Lambert, now chairman of NED’s board, told BioWorld that “my goal for my sister’s therapy in 2001 is identical to ours at NED today, to chronically control cancer’s growth and spread, permit patients to significantly extend life and live life with the full quality we associate with health each day.”

To support that work, the company has raised more than $3 million out of an anticipated $10 million series B it expects to close before the end of the second quarter. An earlier series A round provided the company with $1.5 million in 2015.
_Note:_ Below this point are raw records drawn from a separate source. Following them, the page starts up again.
(* Fix $\lambda\in[0,1)$, $p\in[0,1]$, $T>0$, and consider the coupled construction below on $\Omega=\Omega_W\times\Omega_U\times\Omega_0$. Let $\mathcal{C}$ be the set of $\omega\in\Omega$ such that $\lim_{N\to\infty}\sup_{t\in[0,T]}|W^N(\omega,t)-(1+\lambda)t|=0$ and $\lim_{N\to\infty}\frac1N\sum_{k=1}^N\mathbb{I}_{[a,b)}(U(\omega,k))=b-a$ for every $[a,b)\subset[0,1]$ with $a<b$. Assume there is $\mathbf{v}^0\in\overline{\mathcal{V}}^\infty$ such that $\lim_{N\to\infty}\|\mathbf{V}^N(\omega,0)-\mathbf{v}^0\|_w=0$ for all $\omega\in\mathcal{C}$. Then for every $\omega\in\mathcal{C}$, every subsequence of $(\mathbf{X}^N(\omega,\cdot))_{N\ge1}$ has a further subsequence $(\mathbf{X}^{N_i}(\omega,\cdot))$ converging to some $\mathbf{x}=(\mathbf{v},\mathbf{a},\mathbf{l},\mathbf{c})$, in the sense that $d^{\mathbb{Z}_+}(\mathbf{V}^{N_i},\mathbf{v})$, $d^{\mathbb{Z}_+}(\mathbf{A}^{N_i},\mathbf{a})$, $d^{\mathbb{Z}_+}(\mathbf{L}^{N_i},\mathbf{l})$, $d^{\mathbb{Z}_+}(\mathbf{C}^{N_i},\mathbf{c})$ all tend to $0$ as $i\to\infty$; moreover $\mathbf{v}(0)=\mathbf{v}^0$, $\mathbf{a}(0)=\mathbf{l}(0)=\mathbf{c}(0)=0$, and every scalar coordinate $\mathbf{x}_j$ of $\mathbf{x}$ satisfies $|\mathbf{x}_j(a)-\mathbf{x}_j(b)|\le L|a-b|$ for all $a,b\in[0,T]$, where $L>0$ is a constant independent of $\omega$, $\mathbf{x}$ and $T$.
   Context: $\mathcal{S}=\{\mathbf{s}\in[0,1]^{\mathbb{Z}_+}:1=\mathbf{s}_0\ge\mathbf{s}_1\ge\cdots\ge0\}$, $\overline{\mathcal{S}}^\infty=\{\mathbf{s}\in\mathcal{S}:\sum_{i\ge1}\mathbf{s}_i<\infty\}$, $\overline{\mathcal{V}}^\infty=\{\mathbf{v}:\mathbf{v}_i=\sum_{j\ge i}\mathbf{s}_j\ \forall i,\text{ for some }\mathbf{s}\in\overline{\mathcal{S}}^\infty\}$; $\|\mathbf{x}\|_w^2=\sum_{i\ge0}2^{-i}\mathbf{x}_i^2$; for $\mathbb{R}^{\mathbb{Z}_+}$-valued functions on $[0,T]$, $d^{\mathbb{Z}_+}(\mathbf{x},\mathbf{y})=\sup_{t\in[0,T]}\|\mathbf{x}(t)-\mathbf{y}(t)\|_w$. Coupled construction: on $(\Omega_W,\mathcal{F}_W,\mathbb{P}_W)$ let $W$ be a Poisson process of rate $1+\lambda$; on $(\Omega_U,\mathcal{F}_U,\mathbb{P}_U)$ let $U(k)$, $k\ge1$, be i.i.d. uniform on $[0,1]$; on $(\Omega_0,\mathcal{F}_0,\mathbb{P}_0)$ let $\mathbf{V}^{(0,N)}$, $N\ge1$, be random variables with values in $\overline{\mathcal{V}}^\infty$ whose coordinates are integer multiples of $1/N$; take the product space $\Omega$. Set $W^N(t)=W(Nt)/N$ and let $t_k$ be the $k$-th jump time of $W^N$. Put $\mathbf{V}^N(0)=\mathbf{V}^{(0,N)}$; the processes $\mathbf{A}^N_i,\mathbf{L}^N_i,\mathbf{C}^N_i$ ($i\ge1$) start at $0$ and are constant between jump times; at $t_k$: for each $i\ge1$ with $U(k)\in\frac{\lambda}{1+\lambda}[0,\mathbf{V}^N_{i-1}(t_k-)-\mathbf{V}^N_i(t_k-))$, $\mathbf{A}^N_i$ increases by $1/N$; for each $i\ge1$ with $U(k)\in\frac{\lambda}{1+\lambda}+\frac{1-p}{1+\lambda}[0,\mathbf{V}^N_i(t_k-)-\mathbf{V}^N_{i+1}(t_k-))$, $\mathbf{L}^N_i$ increases by $1/N$; if $U(k)\in[1-\frac{p}{1+\lambda},1)$, $\mathbf{C}^N_j$ increases by $1/N$ for all $1\le j\le \sup\{i:\mathbf{V}^N_i(t_k-)>0\}$. Then $\mathbf{V}^N_i(t)=\mathbf{V}^N_i(0)+\mathbf{A}^N_i(t)-\mathbf{L}^N_i(t)-\mathbf{C}^N_i(t)$ for $i\ge1$ and $\mathbf{V}^N_0=\mathbf{V}^N_1+1$. (This realizes the aggregate queue-length process of an $N$-station system with Poisson($\lambda$) arrivals per station, local service tokens of rate $1-p$ per station, and central service tokens of rate $Np$ serving a longest queue.) $\mathbf{X}^N=(\mathbf{V}^N,\mathbf{A}^N,\mathbf{L}^N,\mathbf{C}^N)$. *)

From HB Require Import structures.
From mathcomp Require Import all_boot all_order all_algebra.
From mathcomp Require Import all_classical all_reals all_analysis.
Set Implicit Arguments. Unset Strict Implicit. Unset Printing Implicit Defensive.
Import Order.TTheory GRing.Theory Num.Theory.
Import numFieldNormedType.Exports.
Local Open Scope classical_set_scope.
Local Open Scope ring_scope.

Section QLB.
Variable R : realType.

Definition in_S (s : nat -> R) : Prop :=
  s 0%N = 1 /\ (forall i, s i.+1 <= s i) /\ (forall i, 0 <= s i <= 1).

Definition in_Sbar_inf (s : nat -> R) : Prop :=
  in_S s /\ cvgn (fun n => \sum_(1 <= i < n) s i).

Definition in_Vbar_inf (v : nat -> R) : Prop :=
  exists s, in_Sbar_inf s /\
    forall i, v i = limn (fun n => \sum_(i <= j < n) s j).

Definition wnorm (x : nat -> R) : \bar R :=
  sqrte (\sum_(i <oo) ((2 ^+ i)^-1 * (x i) ^+ 2)%:E)%E.

Definition dZ (T : R) (x y : R -> nat -> R) : \bar R :=
  ereal_sup [set wnorm (fun i => x t i - y t i) | t in `[0, T]%classic].

(* literal set membership  u \in a + c [0, x)  *)
Definition in_scaled (u a c x : R) : Prop := exists y, 0 <= y < x /\ u = a + c * y.

Variables (lam p : R) (N : nat) (V0 : nat -> R) (U : nat -> R).

Definition Vof (A L C : nat -> R) (i : nat) : R :=
  if i is 0 then (V0 1%N + A 1%N - L 1%N - C 1%N) + 1
  else V0 i + A i - L i - C i.

Definition incrN (b : Prop) : R := if `[< b >] then N%:R^-1 else 0.

(* A, L, C after k jumps (indices i >= 1 are the paper's; index 0 stays 0) *)
Fixpoint ALC (k : nat) : (nat -> R) * (nat -> R) * (nat -> R) :=
  match k with
  | 0 => (fun _ => 0, fun _ => 0, fun _ => 0)
  | k'.+1 =>
    let: (A, L, C) := ALC k' in
    let V := Vof A L C in
    let u := U k in
    (fun i => A i + incrN ((1 <= i)%N /\
         in_scaled u 0 (lam / (1 + lam)) (V i.-1 - V i)),
     fun i => L i + incrN ((1 <= i)%N /\
         in_scaled u (lam / (1 + lam)) ((1 - p) / (1 + lam)) (V i - V i.+1)),
     fun i => C i + incrN ((1 <= i)%N /\
         (1 - p / (1 + lam) <= u < 1) /\
         (* 1 <= i <= sup { j : V_j > 0 } *)
         (exists j, (i <= j)%N /\ 0 < V j)))
  end.

(* W : counting path of the rate-(1+lam) Poisson process; W(N t) = number of
   jumps of W^N up to time t, so X^N(t) is the state after W(N t) jumps. *)
Variable W : R -> nat.

Definition Aproc (t : R) : nat -> R := (ALC (W (N%:R * t))).1.1.
Definition Lproc (t : R) : nat -> R := (ALC (W (N%:R * t))).1.2.
Definition Cproc (t : R) : nat -> R := (ALC (W (N%:R * t))).2.
Definition Vproc (t : R) : nat -> R := Vof (Aproc t) (Lproc t) (Cproc t).

End QLB.

Definition counting_path (R : realType) (tau : nat -> R) (W : R -> nat) : Prop :=
  tau 0%N = 0 /\ (forall k, tau k < tau k.+1) /\
  (forall s n, 0 <= s -> (W s = n <-> tau n <= s < tau n.+1)).

Definition Lipschitz_on (R : realType) (T L : R) (f : R -> R) : Prop :=
  forall a b, 0 <= a <= T -> 0 <= b <= T -> `|f a - f b| <= L * `|a - b|.

(* Every coordinate of A, L and C moves by at most 1/N at each tick of the
   clock W(N .), hence every coordinate of V by at most 3/N.  Since W^N(t)
   tends to (1 + lam) t uniformly on [0, T], the four processes are
   asymptotically 3 (1 + lam) <= 6 Lipschitz in time, uniformly in the
   coordinate, and their initial values converge.  The rest is Arzela-Ascoli:
   a diagonal extraction makes every coordinate converge on the countable grid
   of points n T / (d + 1), asymptotic equicontinuity upgrades this to uniform
   convergence on [0, T] with Lipschitz limits, and the weights 2^-j turn
   uniform coordinatewise convergence with uniformly bounded deviations into
   convergence for d^{Z+}. *)

From HB Require Import structures.
From mathcomp Require Import all_boot all_order all_algebra.
From mathcomp Require Import all_classical all_reals all_analysis.
From mathcomp Require Import ring lra.
Import Order.TTheory GRing.Theory Num.Theory.
Import numFieldNormedType.Exports.
Local Open Scope classical_set_scope.
Local Open Scope ring_scope.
As patented, NED-170 contains a mix of three generic drugs, cyclophosphamide, metformin and naltrexone, and four GMP-grade natural products, alpha-lipoic acid, curcumin, genistein and melatonin. “The seven compounds are all selected so that they have very specific biological activity because we want multiple driver processes of cancer,” CEO Marc Blaustein told BioWorld. Each is given at a dose that’s known to be well-tolerated and has been selected to avoid drug-drug interactions, he said. Taken together, the medicines act to target two fuel supplies of growing tumors — angiogenesis and metabolism — while simultaneously aiming to boost immune response and apoptosis.

To test expectations for the combination, the company is gearing up for a small phase I/II trial which its team hopes to begin around the middle of this year. The open-label study is designed to enroll 10 patients in each of two arms, one focused on the rare cancer cholangiocarcinoma and the second testing the regimen in triple-negative breast cancer. Blaustein said he expects the trial to take about 18 months to run. In addition to safety data, investigators will also be looking for additional tumor response using RECIST criteria, progression-free and overall survival.

If successful, the company will decide whether to seek a partner to proceed with its work, raise additional capital or potentially go public, Blaustein said. Initial plans also include running a registration-directed cholangiocarcinoma trial to support a 505(b)2 new drug application while also looking ahead to phase III studies in other indications or potentially a basket trial.

The company announced Thursday that the U.S. Patent and Trademark Office has awarded it U.S. Patent No. 10,195,219 for NED-170, a protection that expires no earlier than 2034. Blaustein said his team is also pursuing intellectual property protections in other major markets.

As a Delaware Public Benefit Corporation, the company is also aiming to make a positive impact on the world by providing an at-home, low-toxicity therapy. “That goes with our quality-of-life focus,” he said. “But it also means that the costs that you typically associate with cancer care, including managing intense side effects and special delivery at infusion centers, you should be able to avoid with NED-170, meaning it could be very effective for overall cancer treatment.”

Another part of the company’s long-term vision, Lambert said, is to provide cancer treatments to under- and unserved patients in the developing world. “Requiring neither sophisticated clinical infrastructure nor cold chain management, NED-170 is uniquely suited to make cancer treatment possible in the developing world where today most patients lack any treatment,” she said.